Shin pains from walking?
I walk to campus everyday, sometimes going back and forth twice. I never really feel "fatigue" per se, but I've been having a lot of pain in my shins while walking. It subsides after a few minutes of sitting, and it doesn't happen while walking around campus, up stairs, etc. I do have flat feet, and apparently when I was younger I had a brace on my feet. I have never had this problem before, however. I haven't been doing anything unusual, either (except for walking up to school and back since this fall began.). What could this possibly mean?
Ouch! Walking on pavement increases the stress on your joints and connective tissue, and one possibility for what you're describing may be a case of shin splints. This condition causes inflammation of the muscle or tendons of the lower leg caused by repetitive walking, running, or even dancing on a hard surface. The symptoms are pain on the inner side of the shin bone (tibia) in the front part of the leg. Sometimes, it comes on very slowly and eventually becomes quite severe. However, shin splints rarely result in permanent damage. To learn more about treatment and flexibility exercises, keep on reading!
In terms of treatment, resting and applying ice to your shins for 15 to 20 minutes can be highly effective. Moreover, you can also try taking over-the-counter pain relievers, such as ibuprofen or acetaminophen, to help reduce the pain and swelling. It might also be helpful to try and take the bus or train to school for a week so that you can let your shins rest. Additionally, when you decide you want to get back into the swing of things, wearing supportive shoes when you walk and stretching your legs before you are up and about can help prevent the problem from getting worse or recurring. When choosing shoes, you can try looking for ones that have a shape that corresponds to the shape of your foot, without areas of pressure or pain, or a feeling of binding. Furthermore, since you mentioned how you have flat feet, you might want to also look into purchasing some arch supports or shock-absorbing insoles. These have also been shown to help prevent shin splints from reoccurring. If you don’t know which brand or style to buy, you could try soliciting advice from friends or from a few specialty stores about what brands and styles are best.

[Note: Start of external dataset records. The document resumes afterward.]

Lemma powR_le_tangent c t p : 0 < c -> 0 < t -> 0 <= p <= 1 ->
  t `^ p <= powR_tangent c p t.
Proof.
move=> c0 t0 hp; rewrite (powR_mul_div p c0 t0) ler_wpM2l ?powR_ge0 //.
by rewrite powR_le_bernoulli ?divr_gt0.
Qed.

Lemma powR_tangent_chord x p a b : x != 0 ->
  (b - x) * powR_tangent x p a + (x - a) * powR_tangent x p b = x `^ p * (b - a).
Proof. by move=> x0; rewrite /powR_tangent; field. Qed.

Definition powR_chord a b p x := ((b - x) * a `^ p + (x - a) * b `^ p) / (b - a).

Lemma powR_chordE a b p x : a != b ->
  powR_chord a b p x = (b * a `^ p - a * b `^ p) / (b - a) +
                       (b `^ p - a `^ p) / (b - a) * x.
Proof. by move=> ab; rewrite /powR_chord; field; rewrite subr_eq0 eq_sym. Qed.

Lemma powR_le_chord a b p x : 0 < a -> a <= x <= b -> a < b ->
  (p <= 0) || (1 <= p) -> x `^ p <= powR_chord a b p x.
Proof.
move=> a0 /andP[ax xb] ab hp; have x0 : 0 < x by lra.
rewrite /powR_chord ler_pdivlMr ?subr_gt0 // -(@powR_tangent_chord x p a b) ?gt_eqF //.
by apply: lerD; apply: ler_wpM2l; rewrite ?subr_ge0 ?powR_tangent_le //; lra.
Qed.

Lemma powR_ge_chord a b p x : 0 < a -> a <= x <= b -> a < b ->
  0 <= p <= 1 -> powR_chord a b p x <= x `^ p.
Proof.
move=> a0 /andP[ax xb] ab hp; have x0 : 0 < x by lra.
rewrite /powR_chord ler_pdivrMr ?subr_gt0 // -(@powR_tangent_chord x p a b) ?gt_eqF //.
by apply: lerD; apply: ler_wpM2l; rewrite ?subr_ge0 ?powR_le_tangent //; lra.
Qed.

Lemma powR_ltr_exp {h p q} : 1 < h -> p < q -> h `^ p < h `^ q.
Proof.
move=> h1 pq; rewrite /powR gt_eqF; last lra.
by rewrite ltr_expR ltr_pM2r // ln_gt0.
Qed.

Lemma powR_sub_sign {h p q} : 1 < h -> p != q -> 0 < (p - q) * (h `^ p - h `^ q).
Proof.
by move=> h1; case: (ltgtP p q) => // pq _; have := powR_ltr_exp h1 pq; nra.
Qed.

Lemma divr_gt0_mul x y : 0 < x * y -> 0 < x / y.
Proof.
move=> xy; have y0 : y != 0 by apply: contraTneq xy => ->; rewrite mulr0 ltxx.
have -> : x / y = x * y / y ^+ 2 by field.
by rewrite divr_gt0 // lt_def expf_neq0 //= sqr_ge0.
Qed.
Lemma cunion_sub_lr_recon L X Y x :
  coord z (cunion L) X Y -> cunion L x -> lr_recon X Y x.
Proof.
move=> [Xl Yr] [p pL px].
pose from_x c := c <= x /\ segment_in (cunion L) c x.
have [a [_ [ax ax_in] amin]] : exists a, [/\ a \in ends L, from_x a &
    forall c, c \in ends L -> from_x c -> a <= c].
  apply: seq_min_exists; exists p.1; first exact: ends_fst.
  by split; [case: px | exact: cunion_segment].
exists a; split; last first.
  split=> // b /Yr Lrb [ab bx].
  by apply: (segment_not_Lr _ bx Lrb) => w bw; apply: ax_in; exact: le_trans bw.
apply/Xl; split; first exact: ax_in.
have [->|az] := eqVneq a z; [by left | right].
have za : z < a by rewrite lt_neqAle eq_sym az z_least.
have [y [yE ya ymax]] : exists y, [/\ y \in ends L, y < a &
    forall c, c \in ends L -> c < a -> c <= y].
  by apply: seq_max_exists; exists z; rewrite ?mem_head.
exists y; split=> // w yw wa Aw.
have ya_in : segment_in (cunion L) y a.
  apply: (cunion_gap _ _ Aw); last by rewrite yw.
  by move=> e eE /andP[ye ea]; move: (ymax e eE ea); rewrite leNgt ye.
have := amin y yE (conj (le_trans (ltW ya) ax) (segment_cat ya_in ax_in)).
by rewrite leNgt ya.
Qed.

Lemma lr_recon_sub_cunion L X Y x :
  coord z (cunion L) X Y -> lr_recon X Y x -> cunion L x.
Proof.
move=> [Xl Yr] [a [/Xl[Aa _] [ax no_r]]]; apply: contrapT => Ax_not.
pose upto_x c := [/\ a <= c, c <= x & segment_in (cunion L) a c].
have [b [_ [ab bx ab_in] bmax]] : exists b, [/\ b \in a :: ends L, upto_x b &
    forall c, c \in a :: ends L -> upto_x c -> c <= b].
  apply: seq_max_exists; exists a; rewrite ?mem_head //; split=> // w aw wa.
  by have -> : w = a by apply/eqP; rewrite eq_le wa aw.
have bx' : b < x.
  rewrite lt_neqAle bx andbT; apply/eqP => bxE.
  by apply: Ax_not; rewrite -bxE; apply: ab_in.
apply: (no_r b) (conj ab bx'); apply/Yr; split; first exact: ab_in.
have [y [yE by_ ymin]] : exists y, [/\ y \in x :: ends L, b < y &
    forall c, c \in x :: ends L -> b < c -> y <= c].
  by apply: seq_min_exists; exists x; rewrite ?mem_head.
exists y; split=> // w bw wy Aw.
have by_in : segment_in (cunion L) b y.
  apply: (cunion_gap _ _ Aw); last by rewrite bw.
  move=> e eE /andP[be ey]; have := ymin e _ be.
  by rewrite inE eE orbT leNgt ey => /(_ isT).
have yx : y <= x by apply: ymin bx'; exact: mem_head.
have [yxE|y_ne_x] := eqVneq y x.
  by apply: Ax_not; apply: by_in; rewrite ?yxE // ltW.
have yE' : y \in a :: ends L.
  by move: yE; rewrite in_cons (negbTE y_ne_x) /= => yE; rewrite in_cons yE orbT.
have := bmax y yE' (And3 (le_trans ab (ltW by_)) yx (segment_cat ab_in by_in)).
by rewrite leNgt by_.
Qed.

In addition, there are several flexibility exercises that can help reduce muscle soreness and the chance of injury. One example of a simple exercise that can help with shin splints is the sitting heel-cord stretch. For this stretch, you sit on the floor with one leg extended and the opposite leg bent with the foot against the inside of the thigh. Then, you hook a towel around the ball of the foot and pull the toes towards the knee. Keep your knee straight and hold for about 15 to 30 seconds. If you’re looking for more exercises to help with pain in your shins, Tufts Medical Center outlines some additional stretches you could try.
Walking can be an excellent form of aerobic activity, and it strengthens the muscles in your legs. Therefore, it’s wise to try to treat your walks as you would any other form of physical activity, as well as trying to use the proper equipment and attempting to stretch before and after. Hopefully these tips will help alleviate your pain! If the pain or discomfort persists, you may want to speak with a health care professional who could provide additional guidance.